Нет никакого сомнения, что происшедшее с нами было припадком – приступом неведомой болезни, поразившей, видимо, только двух существ на планете. Мне и сейчас непонятно, что это было; ни до, ни после ничего подобного со мной не приключалось. И кажется, что всего этого и не было, что тело мое и душа подпали тогда под влияние жара, под морок бредового забытья… Порой мы старались держаться поодаль друг от друга, идя куда-то, и не оставаться в одной комнате, потому что стоило нам сблизиться, случайно соприкоснуться, как тут же, будто два магнита, мы попадали в зазор притяжения, из которого не удавалось выбраться. Нас тут же, как из ушата, заливал мед желания, и мы вязли в нем, подобно пчелам, тщетно перебирали лапками и наконец сдавались, шли ко дну, чтобы умереть и снова оказаться на мнимой свободе.
А вышло так, что с возвращением Ниночки Паша перестал меня сопровождать в походах в Султановку, и однажды Вера попросила меня помочь ей полить орхидеи в оранжерее. В теплице царили удушающая духота и аромат, от которого у меня подкашивались ноги. Цветы с хищными личиками росли в подгнивших чурочках, развешенных гирляндами на проволоках и расставленных в лотках, наполненных тучной землей. Приходилось поливать и лотки и чурочки, поднимая лейку на уровень груди. Но я не замечал усталости, потому что время от времени Вера схватывалась за ручку лейки и присоединялась к моему нырку в стеклянные, тропически задичавшие болотные дебри. Я слеп от того, как под ее майкой оживали крепкие груди, и, стараясь отстраниться, соображал: «Никак не пойму, почему мужчин влечет женская грудь, мне всегда ведь нравились гуттаперчевые, почти плоские женские фигурки…» Лейка сеяла струи широко, мы оба были мокрые, и вдруг я подвернул ногу на порожке, и вышло, будто мы только этого и ждали.

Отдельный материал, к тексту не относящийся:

Let In_gt0 : (0 < #|'I_n|)%N. Proof. by rewrite card_ord. Qed.

Local Notation dvd_ind d := (fun t : 'I_n => ((d %| t.+1)%N%:R : R)).

Definition dvdU p u (i : 'I_m) : bool := (p %| Uval u i)%N.

Definition shared p u k : bool := dvdU p u k && [exists i, (i != k) && dvdU p u i].

Definition overlap k u : R :=
  \sum_(p < n.+1 | prime p && (m < p)%N) ln (p%:R : R) * (shared p u k)%:R.

Definition sum_ln2_div_p2 : R :=
  \sum_(p < n.+1 | prime p && (m < p)%N) ln (p%:R : R) ^+ 2 / p%:R ^+ 2.

Definition sum_ln_div_p2 : R :=
  \sum_(p < n.+1 | prime p && (m < p)%N) ln (p%:R : R) / p%:R ^+ 2.

Lemma sum_ln2_div_p2_ge0 : 0 <= sum_ln2_div_p2.
Proof. by rewrite sumr_ge0 // => p _; rewrite divr_ge0 ?sqr_ge0. Qed.

Lemma sum_ln_div_p2_ge0 : 0 <= sum_ln_div_p2.
Proof.
by rewrite sumr_ge0 // => p /andP [pp _]; rewrite divr_ge0 ?exprn_ge0 ?ln_ge0 ?ler1n ?prime_gt0.
Qed.

Lemma mean_dvdU_mul_le p q (i j : 'I_m) : (0 < p)%N -> (0 < q)%N -> (i != j) || coprime p q ->
  mean (fun u => (dvdU p u i)%:R * (dvdU q u j)%:R : R) <= (p * q)%:R^-1.
Proof.
move=> p_gt0 q_gt0; have [<- /= copq|ij _] := eqVneq i j.
  under eq_mean do rewrite -natrM mulnb /dvdU -Gauss_dvd //.
  by rewrite (mean_coord In_gt0 i (dvd_ind (p * q))) mean_dvdn_le ?muln_gt0 ?p_gt0.
rewrite (mean_mul_coord In_gt0 (dvd_ind p)); last first.
  by apply: (@ignores_coord _ _ _ j i (dvd_ind q)); rewrite eq_sym.
rewrite (mean_coord In_gt0 j (dvd_ind q)) natrM invfM.
by rewrite ler_pM ?mean_ge0 ?mean_dvdn_le // => t; apply: ler0n.
Qed.

Lemma shared_le_sum p u k :
  (shared p u k)%:R <= \sum_(i | i != k) (dvdU p u k)%:R * (dvdU p u i)%:R :> R.
Proof. by rewrite -mulr_sumr -mulnb natrM ler_wpM2l ?ler0n ?exists_le_sum. Qed.

Lemma shared_mul_le_sum p q u k : prime p -> prime q -> p != q ->
  (shared p u k)%:R * (shared q u k)%:R <=
  \sum_(i | i != k) \sum_(j | j != k)
    (dvdU (p * q) u k)%:R * ((dvdU p u i)%:R * (dvdU q u j)%:R) :> R.
Proof.
move=> pp qp pq; have copq : coprime p q by rewrite prime_coprime // dvdn_prime2.
have andbACA (b1 b2 e1 e2 : bool) :
  (b1 && e1)%:R * (b2 && e2)%:R = (b1 && b2)%:R * (e1%:R * e2%:R) :> R.
  by case: b1 b2 e1 e2 => [] [] [] []; rewrite /= ?mul0r ?mulr0 ?mul1r.
rewrite /shared /dvdU Gauss_dvd // andbACA.
under eq_bigr do rewrite -mulr_sumr; rewrite -mulr_sumr ler_wpM2l ?ler0n //.
under [X in _ <= X]eq_bigr do rewrite -mulr_sumr.
by rewrite -mulr_suml ler_pM ?ler0n ?exists_le_sum.
Qed.

Lemma mean_shared_le p k : prime p -> mean (fun u => (shared p u k)%:R : R) <= m%:R / p%:R ^+ 2.
Proof.
move=> pp; apply: le_trans (ler_mean (fun u => shared_le_sum p u k)) _.
rewrite mean_sum sum_ord_le_const ?invr_ge0 ?exprn_ge0 ?ler0n // => i ik.
by rewrite expr2 -natrM mean_dvdU_mul_le ?prime_gt0 // eq_sym ik.
Qed.

Lemma mean_shared_mul_le p q k : prime p -> prime q ->
  mean (fun u => (shared p u k)%:R * (shared q u k)%:R : R) <=
  (p == q)%:R * (m%:R / p%:R ^+ 2) + (m%:R / p%:R ^+ 2) * (m%:R / q%:R ^+ 2).
Proof.
move=> pp qp; have [<-|pq] := eqVneq p q.
  under eq_mean do rewrite -natrM mulnb andbb.
  rewrite mul1r (le_trans (mean_shared_le k pp)) // lerDl.
  by rewrite mulr_ge0 // divr_ge0 ?exprn_ge0 ?ler0n.
apply: le_trans (ler_mean (fun u => shared_mul_le_sum u k pp qp pq)) _.
have -> : m%:R / p%:R ^+ 2 * (m%:R / q%:R ^+ 2) = m%:R * (m%:R * ((p * q)%N%:R ^+ 2)^-1) :> R.
  by rewrite natrM exprMn mulrACA -invfM mulrA.
rewrite mul0r add0r mean_sum sum_ord_le_const ?mulr_ge0 ?invr_ge0 ?exprn_ge0 ?ler0n // => i ik.
rewrite mean_sum sum_ord_le_const ?invr_ge0 ?exprn_ge0 ?ler0n // => j jk.
rewrite (mean_mul_coord In_gt0 (dvd_ind (p * q))); last first.
  by move=> u t; rewrite /dvdU /Uval !upd_neq.
rewrite expr2 invfM ler_pM ?mean_ge0 ?mean_dvdn_le ?muln_gt0 ?prime_gt0 //.
  by move=> u; rewrite mulr_ge0 ?ler0n.
by rewrite mean_dvdU_mul_le ?prime_gt0 // orbC prime_coprime // dvdn_prime2 // pq.
Qed.

Lemma mean_overlap_sqr_le k :
  mean (fun u => overlap k u ^+ 2) <= m%:R * sum_ln2_div_p2 + (m%:R * sum_ln_div_p2) ^+ 2.
Proof.
pose w (p : 'I_n.+1) : R := ln p%:R; pose a (p : 'I_n.+1) : R := m%:R / p%:R ^+ 2.
have w_ge0 (p : 'I_n.+1) : prime p -> 0 <= w p by move=> pp; rewrite ln_ge0 // ler1n prime_gt0.
rewrite /overlap; under eq_mean do rewrite expr2 big_distrlr /=.
rewrite mean_sum; under eq_bigr do rewrite mean_sum.
apply: (@le_trans _ _ (\sum_(p < n.+1 | prime p && (m < p)%N) \sum_(q < n.+1 | prime q && (m < q)%N)
   w p * w q * ((p == q)%:R * a p + a p * a q))).
  apply: ler_sum => p /andP [pp _]; apply: ler_sum => q /andP [qp _].
  rewrite (eq_mean (fun u => mulrACA _ _ _ _)) meanZ ler_wpM2l ?mulr_ge0 ?w_ge0 //.
  exact: mean_shared_mul_le.
have -> : m%:R * sum_ln2_div_p2 = \sum_(p < n.+1 | prime p && (m < p)%N) w p * w p * a p.
  by rewrite mulr_sumr; apply: eq_bigr => p _; rewrite /w /a; ring.
have -> : m%:R * sum_ln_div_p2 = \sum_(p < n.+1 | prime p && (m < p)%N) w p * a p.
  by rewrite mulr_sumr; apply: eq_bigr => p _; rewrite /w /a; ring.
rewrite expr2 big_distrlr -big_split /=; apply: ler_sum => p Pp.
under eq_bigr do rewrite mulrDr; rewrite big_split lerD //=.
  rewrite (bigD1 p) //= eqxx mul1r big1 ?addr0 // => q /andP [_ qp].
  by rewrite eq_sym (negbTE qp) mul0r mulr0.
by under eq_bigr do rewrite mulrACA.
Qed.

End Overlap.

Lemma lambda_gt0 p x : prime p -> (0 < x)%N -> (0 < lambda p x)%N = (p %| x)%N.
Proof. by move=> pp x_gt0; rewrite /lambda logn_gt0 mem_primes pp x_gt0. Qed.

Lemma bigmax_gt0 (I : finType) (F : I -> nat) : (0 < \max_i F i)%N = [exists i, 0 < F i]%N.
Proof.
apply/idP/idP => [|/existsP [i Fi]]; last exact: leq_trans Fi (leq_bigmax i).
apply: contraTT => /existsPn F0; rewrite -leqNgt; apply/bigmax_leqP => i _.
by rewrite leqNgt F0.
Qed.

Lemma exists_split (I : finType) (P : pred I) k :
  [exists i, P i] = P k || [exists i, (i != k) && P i].
Proof.
apply/existsP/orP => [[i Pi]|[Pk|/existsP [i /andP [_ Pi]]]]; [|by exists k|by exists i].
by case: (eqVneq i k) => [<-|ik]; [left|right; apply/existsP; exists i; rewrite ik].
Qed.

Lemma sum_sub_exists_reset (R : comPzRingType) (I : finType) (b c : pred I) k :
  (forall i, i != k -> c i = b i) -> c k = false ->
  ((\sum_i b i)%N%:R - [exists i, b i]%:R) - ((\sum_i c i)%N%:R - [exists i, c i]%:R)
  = (b k && [exists i, (i != k) && b i])%:R :> R.
Proof.
move=> cb ck; rewrite (bigD1 k) //= [X in _ - (X%:R - _)](bigD1 k) //=.
rewrite (exists_split b k) (exists_split c k) ck.
have -> : (\sum_(i | i != k) c i = \sum_(i | i != k) b i)%N by apply: eq_bigr => i /cb ->.
have -> : [exists i, (i != k) && c i] = [exists i, (i != k) && b i].
  by apply: eq_existsb => i; case: (eqVneq i k) => // /cb ->.
by case: (b k); case: [exists _, _]; rewrite /= !natrD; ring.
Qed.

Section Variance.
Variables (R : realType) (n m : nat).
Hypothesis n_gt0 : (0 < n)%N.
Local Notation sample := {ffun 'I_m -> 'I_n}.

Lemma Xsum_sub_upd (u : sample) (k : 'I_m) (t0 : 'I_n) : val t0 = 0%N ->
  Xsum R u - Xsum R (upd u k t0) = overlap R k u.
Proof.
move=> t00; rewrite /Xsum /overlap -sumrB; apply: eq_bigr => p /andP [pp _].
rewrite -mulrBr; congr (_ * _).
have lam (v : sample) i : (0 < lambda p (Uval v i))%N = dvdU p v i by exact: lambda_gt0.
rewrite !bigmax_gt0.
under eq_bigr do rewrite lam.
under [in X in _ - (X%:R - _)]eq_bigr do rewrite lam.
under eq_existsb do rewrite lam.
under [in X in _ - (_ - X%:R)]eq_existsb do rewrite lam.
apply: sum_sub_exists_reset => [i ik|]; first by rewrite /dvdU /Uval upd_neq.
by rewrite /dvdU /Uval upd_eq t00 Euclid_dvd1.
Qed.

Lemma Var_Xsum_le_prime_sums :
  Var (@Xsum R n m) <= m%:R * (m%:R * sum_ln2_div_p2 R n m + (m%:R * sum_ln_div_p2 R n m) ^+ 2).
Proof.
pose t0 : 'I_n := Ordinal n_gt0.
have In_gt0 : (0 < #|'I_n|)%N by rewrite card_ord.
apply: le_trans (@efron_stein _ _ _ In_gt0 (@Xsum R n m) (fun j u => Xsum R (upd u j t0)) _) _.
  by move=> j _ u t; rewrite upd_upd.
apply: sum_ord_le_const => [|k _].
  by rewrite addr_ge0 ?sqr_ge0 // mulr_ge0 ?ler0n ?sum_ln2_div_p2_ge0.
under eq_mean do rewrite Xsum_sub_upd //.
exact: mean_overlap_sqr_le.
Qed.

End Variance.

(** * Sums over primes *)

Lemma coprime_fact p x : prime p -> (x < p)%N -> coprime p x`!.
Proof.
move=> pp; elim: x => [|x IH] xp; first by rewrite coprimen1.
by rewrite factS coprimeMr IH 1?ltnW // prime_coprime // gtnNdvd.
Qed.

Lemma prime_dvd_central_bin p x : prime p -> (x < p <= 2 * x)%N -> (p %| 'C(2 * x, x))%N.
Proof.
move=> pp /andP [xp p2x]; have x2x : (x <= 2 * x)%N by rewrite leq_pmull.
have := bin_fact x2x; rewrite (_ : 2 * x - x = x)%N; last by lia.
move=> fact_eq; have cop : coprime p (x`! * x`!) by rewrite coprimeMr coprime_fact.
by rewrite -(Gauss_dvdl _ cop) fact_eq dvdn_fact // prime_gt0.
Qed.

Lemma prod_primes_dvdn K N (P : pred nat) : (forall p, P p -> prime p && (p %| N)%N) ->
  (\prod_(p < K | P p) p %| N)%N.
Proof.
move=> PN; elim: K => [|K IH]; first by rewrite big_ord0 dvd1n.
rewrite big_mkcond big_ord_recr /= -big_mkcond.
case: ifP => [/PN /andP [pK dK]|_]; last by rewrite muln1.
rewrite Gauss_dvd ?IH ?dK // coprime_sym prime_coprime // Euclid_dvd_prod // big1 // => p.
by case/PN/andP => pp _; rewrite gtnNdvd ?prime_gt0.
Qed.

Lemma central_bin_le x : ('C(2 * x, x) <= 4 ^ x)%N.
Proof.
have -> : (4 ^ x = \sum_(i < (2 * x).+1) 'C(2 * x, i))%N.
  rewrite (_ : 4 = 2 ^ 2)%N // -expnM -(addn1 1) expnDn; apply: eq_bigr => i _.
  by rewrite !exp1n !muln1.
have x_lt : (x < (2 * x).+1)%N by rewrite ltnS leq_pmull.
by rewrite (bigD1 (Ordinal x_lt)) //= leq_addr.
Qed.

Предаваясь воспоминаниям, я каждый раз убеждался, что все те минуты, часы, сутки, что мы провели с Верой вместе, в точности повторяли вот эти несколько минут конвульсивного безумия, погруженного во влажную землю, задыхание, дурноту аромата; поваленные лотки, сорванные плети орхидей, раздавленные, оборванные, корчащиеся цветки, смешанные с землей, облепившей нас, комочки на губах, наждак и масло по коже, цветы словно ожили веревками и спутывали нас всё сильней. И всякий раз потом, когда мы вдыхали друг друга, происходило похожее на тот самый нырок в плотный куб сгущенного, как плоть, оранжерейного воздуха – в любом глубоком нырке самое страшное – после темнеющей влекущей бездны – путь обратно, когда нет никаких гарантий, что всплывешь и не дашь воли разорвать вдохом диафрагму – пустить в легкие жаберный смертельный глоток.
Мы обволакивались, обертывались своими телами, проникали в каждую клеточку, в каждое желание и движение души – будь то чувство голода, холода, грусти, раздражения, наслаждения; любые мысли, рефлексы, пищеварение, мурашки – всё досконально интересовало нас, во всем мы требовали от себя сопереживать. Мы обожествляли свои полудетские чувства, и я помню, в каком отчаянии мчался по рассветным улицам в дежурную аптеку за но-шпой.
Мы перестали различать, где мы и кто мы, и это было форменным умопомрачением. Тогда я впервые узнал, как разрушается личность: границы «я» размывались, подобно тому как река в половодье меняет свое русло. Этот первый урок забвения воли мне дорого обошелся.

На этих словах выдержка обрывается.